**REQUIREMENT:**
A verbatim transcription of every record below is required.

Dataset items:

════════════════

(* Fix an agent $i\in\mathit{Agt}$. For each operator $O\in\{\mathcal{A}_i,\mathcal{R}_i,\mathcal{A}^{\mathsf{real}}_i,\mathcal{R}^{\mathsf{real}}_i\}$ the operator $O$ is not expressible by means of the other modalities of $\mathcal{L}$ (including each other): there exist an atom $p\in\mathit{Atm}$ such that no formula $\varphi\in\mathcal{L}$ in which no operator of the same kind as $O$ occurs (i.e. no $\mathcal{A}_j$ if $O=\mathcal{A}_i$, no $\mathcal{R}_j$ if $O=\mathcal{R}_i$, no $\mathcal{A}^{\mathsf{real}}_j$ if $O=\mathcal{A}^{\mathsf{real}}_i$, no $\mathcal{R}^{\mathsf{real}}_j$ if $O=\mathcal{R}^{\mathsf{real}}_i$, for any agent $j$) satisfies $\models O\,p\leftrightarrow\varphi$.
   Context: Let $\mathit{Agt}=\{1,\dots,n\}$ be a finite set of agents and $\mathit{Atm}$ a countably infinite set of atoms containing, for each $i\in\mathit{Agt}$, special atoms $\mathsf{rew}_i$ (''$i$ gets a reward'') and $\mathsf{pun}_i$ (''$i$ gets a punishment''). The language $\mathcal{L}_0$ is given by $\alpha::=p\mid\neg\alpha\mid\alpha\wedge\alpha\mid \triangle_i\alpha$ ($p\in\mathit{Atm}$, $i\in\mathit{Agt}$; $\triangle_i\alpha$ = ''$i$ explicitly believes $\alpha$''); $\to,\vee,\leftrightarrow,\top,\bot$ are the usual abbreviations. A state is a tuple $S=((B_i)_{i\in\mathit{Agt}},V)$ with $B_i\subseteq\mathcal{L}_0$ (belief base) and $V\subseteq\mathit{Atm}$; $\mathbf{S}$ is the set of all states. Truth of $\mathcal{L}_0$-formulas: $S\models p$ iff $p\in V$; Boolean clauses as usual; $S\models\triangle_i\alpha$ iff $\alpha\in B_i$. Define $\mathit{Des}_i(S)=\{\alpha\in\mathcal{L}_0:(\alpha\to\mathsf{rew}_i)\in B_i\}$ and $\mathit{Und}_i(S)=\{\alpha\in\mathcal{L}_0:(\alpha\to\mathsf{pun}_i)\in B_i\}$. Relations on $\mathbf{S}$: $S\,\mathcal{E}_i\,S'$ iff $S'\models\alpha$ for all $\alpha\in B_i$ (where $B_i$ is $i$'s base in $S$); $S\,\mathcal{A}_i\,S'$ iff $S'\models\alpha$ for some $\alpha\in\mathit{Des}_i(S)$; $S\,\mathcal{R}_i\,S'$ iff $S'\models\alpha$ for some $\alpha\in\mathit{Und}_i(S)$. A model is a pair $(S,U)$ with $S\in U\subseteq\mathbf{S}$. The language $\mathcal{L}$ is $\varphi::=\alpha\mid\neg\varphi\mid\varphi\wedge\varphi\mid\Box_i\varphi\mid\mathcal{A}_i\varphi\mid\mathcal{R}_i\varphi\mid\mathcal{A}^{\mathsf{real}}_i\varphi\mid\mathcal{R}^{\mathsf{real}}_i\varphi$ with $\alpha\in\mathcal{L}_0$. Semantics: $(S,U)\models\alpha$ iff $S\models\alpha$; Boolean clauses as usual; $(S,U)\models\Box_i\varphi$ iff for all $S'\in U$ with $S\mathcal{E}_iS'$, $(S',U)\models\varphi$; $(S,U)\models\mathcal{A}_i\varphi$ iff for all $S'\in U$ with $(S',U)\models\varphi$, $S\mathcal{A}_iS'$; $(S,U)\models\mathcal{R}_i\varphi$ iff for all $S'\in U$ with $(S',U)\models\varphi$, $S\mathcal{R}_iS'$; $(S,U)\models\mathcal{A}^{\mathsf{real}}_i\varphi$ iff for all $S'\in U$ with $(S',U)\models\varphi$ and $S\mathcal{E}_iS'$, $S\mathcal{A}_iS'$; $(S,U)\models\mathcal{R}^{\mathsf{real}}_i\varphi$ iff for all $S'\in U$ with $(S',U)\models\varphi$ and $S\mathcal{E}_iS'$, $S\mathcal{R}_iS'$. A formula is valid ($\models\varphi$) if it is true in every model $(S,U)$. *)

From mathcomp Require Import all_boot.

Set Implicit Arguments.
Unset Strict Implicit.

Definition agent (n : nat) := 'I_n.

Inductive atom (n : nat) : Type :=
| AOrd : nat -> atom n
| ARew : agent n -> atom n
| APun : agent n -> atom n.

Inductive form0 (n : nat) : Type :=
| F0Atom : atom n -> form0 n
| F0Neg  : form0 n -> form0 n
| F0And  : form0 n -> form0 n -> form0 n
| F0Expl : agent n -> form0 n -> form0 n.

════════════════

**RESULT:**
(* Fix an agent $i\in\mathit{Agt}$. For each operator $O\in\{\mathcal{A}_i,\mathcal{R}_i,\mathcal{A}^{\mathsf{real}}_i,\mathcal{R}^{\mathsf{real}}_i\}$ the operator $O$ is not expressible by means of the other modalities of $\mathcal{L}$ (including each other): there exist an atom $p\in\mathit{Atm}$ such that no formula $\varphi\in\mathcal{L}$ in which no operator of the same kind as $O$ occurs (i.e. no $\mathcal{A}_j$ if $O=\mathcal{A}_i$, no $\mathcal{R}_j$ if $O=\mathcal{R}_i$, no $\mathcal{A}^{\mathsf{real}}_j$ if $O=\mathcal{A}^{\mathsf{real}}_i$, no $\mathcal{R}^{\mathsf{real}}_j$ if $O=\mathcal{R}^{\mathsf{real}}_i$, for any agent $j$) satisfies $\models O\,p\leftrightarrow\varphi$.
   Context: Let $\mathit{Agt}=\{1,\dots,n\}$ be a finite set of agents and $\mathit{Atm}$ a countably infinite set of atoms containing, for each $i\in\mathit{Agt}$, special atoms $\mathsf{rew}_i$ (''$i$ gets a reward'') and $\mathsf{pun}_i$ (''$i$ gets a punishment''). The language $\mathcal{L}_0$ is given by $\alpha::=p\mid\neg\alpha\mid\alpha\wedge\alpha\mid \triangle_i\alpha$ ($p\in\mathit{Atm}$, $i\in\mathit{Agt}$; $\triangle_i\alpha$ = ''$i$ explicitly believes $\alpha$''); $\to,\vee,\leftrightarrow,\top,\bot$ are the usual abbreviations. A state is a tuple $S=((B_i)_{i\in\mathit{Agt}},V)$ with $B_i\subseteq\mathcal{L}_0$ (belief base) and $V\subseteq\mathit{Atm}$; $\mathbf{S}$ is the set of all states. Truth of $\mathcal{L}_0$-formulas: $S\models p$ iff $p\in V$; Boolean clauses as usual; $S\models\triangle_i\alpha$ iff $\alpha\in B_i$. Define $\mathit{Des}_i(S)=\{\alpha\in\mathcal{L}_0:(\alpha\to\mathsf{rew}_i)\in B_i\}$ and $\mathit{Und}_i(S)=\{\alpha\in\mathcal{L}_0:(\alpha\to\mathsf{pun}_i)\in B_i\}$. Relations on $\mathbf{S}$: $S\,\mathcal{E}_i\,S'$ iff $S'\models\alpha$ for all $\alpha\in B_i$ (where $B_i$ is $i$'s base in $S$); $S\,\mathcal{A}_i\,S'$ iff $S'\models\alpha$ for some $\alpha\in\mathit{Des}_i(S)$; $S\,\mathcal{R}_i\,S'$ iff $S'\models\alpha$ for some $\alpha\in\mathit{Und}_i(S)$. A model is a pair $(S,U)$ with $S\in U\subseteq\mathbf{S}$. The language $\mathcal{L}$ is $\varphi::=\alpha\mid\neg\varphi\mid\varphi\wedge\varphi\mid\Box_i\varphi\mid\mathcal{A}_i\varphi\mid\mathcal{R}_i\varphi\mid\mathcal{A}^{\mathsf{real}}_i\varphi\mid\mathcal{R}^{\mathsf{real}}_i\varphi$ with $\alpha\in\mathcal{L}_0$. Semantics: $(S,U)\models\alpha$ iff $S\models\alpha$; Boolean clauses as usual; $(S,U)\models\Box_i\varphi$ iff for all $S'\in U$ with $S\mathcal{E}_iS'$, $(S',U)\models\varphi$; $(S,U)\models\mathcal{A}_i\varphi$ iff for all $S'\in U$ with $(S',U)\models\varphi$, $S\mathcal{A}_iS'$; $(S,U)\models\mathcal{R}_i\varphi$ iff for all $S'\in U$ with $(S',U)\models\varphi$, $S\mathcal{R}_iS'$; $(S,U)\models\mathcal{A}^{\mathsf{real}}_i\varphi$ iff for all $S'\in U$ with $(S',U)\models\varphi$ and $S\mathcal{E}_iS'$, $S\mathcal{A}_iS'$; $(S,U)\models\mathcal{R}^{\mathsf{real}}_i\varphi$ iff for all $S'\in U$ with $(S',U)\models\varphi$ and $S\mathcal{E}_iS'$, $S\mathcal{R}_iS'$. A formula is valid ($\models\varphi$) if it is true in every model $(S,U)$. *)

From mathcomp Require Import all_boot.

Set Implicit Arguments.
Unset Strict Implicit.

Definition agent (n : nat) := 'I_n.

Inductive atom (n : nat) : Type :=
| AOrd : nat -> atom n
| ARew : agent n -> atom n
| APun : agent n -> atom n.

Inductive form0 (n : nat) : Type :=
| F0Atom : atom n -> form0 n
| F0Neg  : form0 n -> form0 n
| F0And  : form0 n -> form0 n -> form0 n
| F0Expl : agent n -> form0 n -> form0 n.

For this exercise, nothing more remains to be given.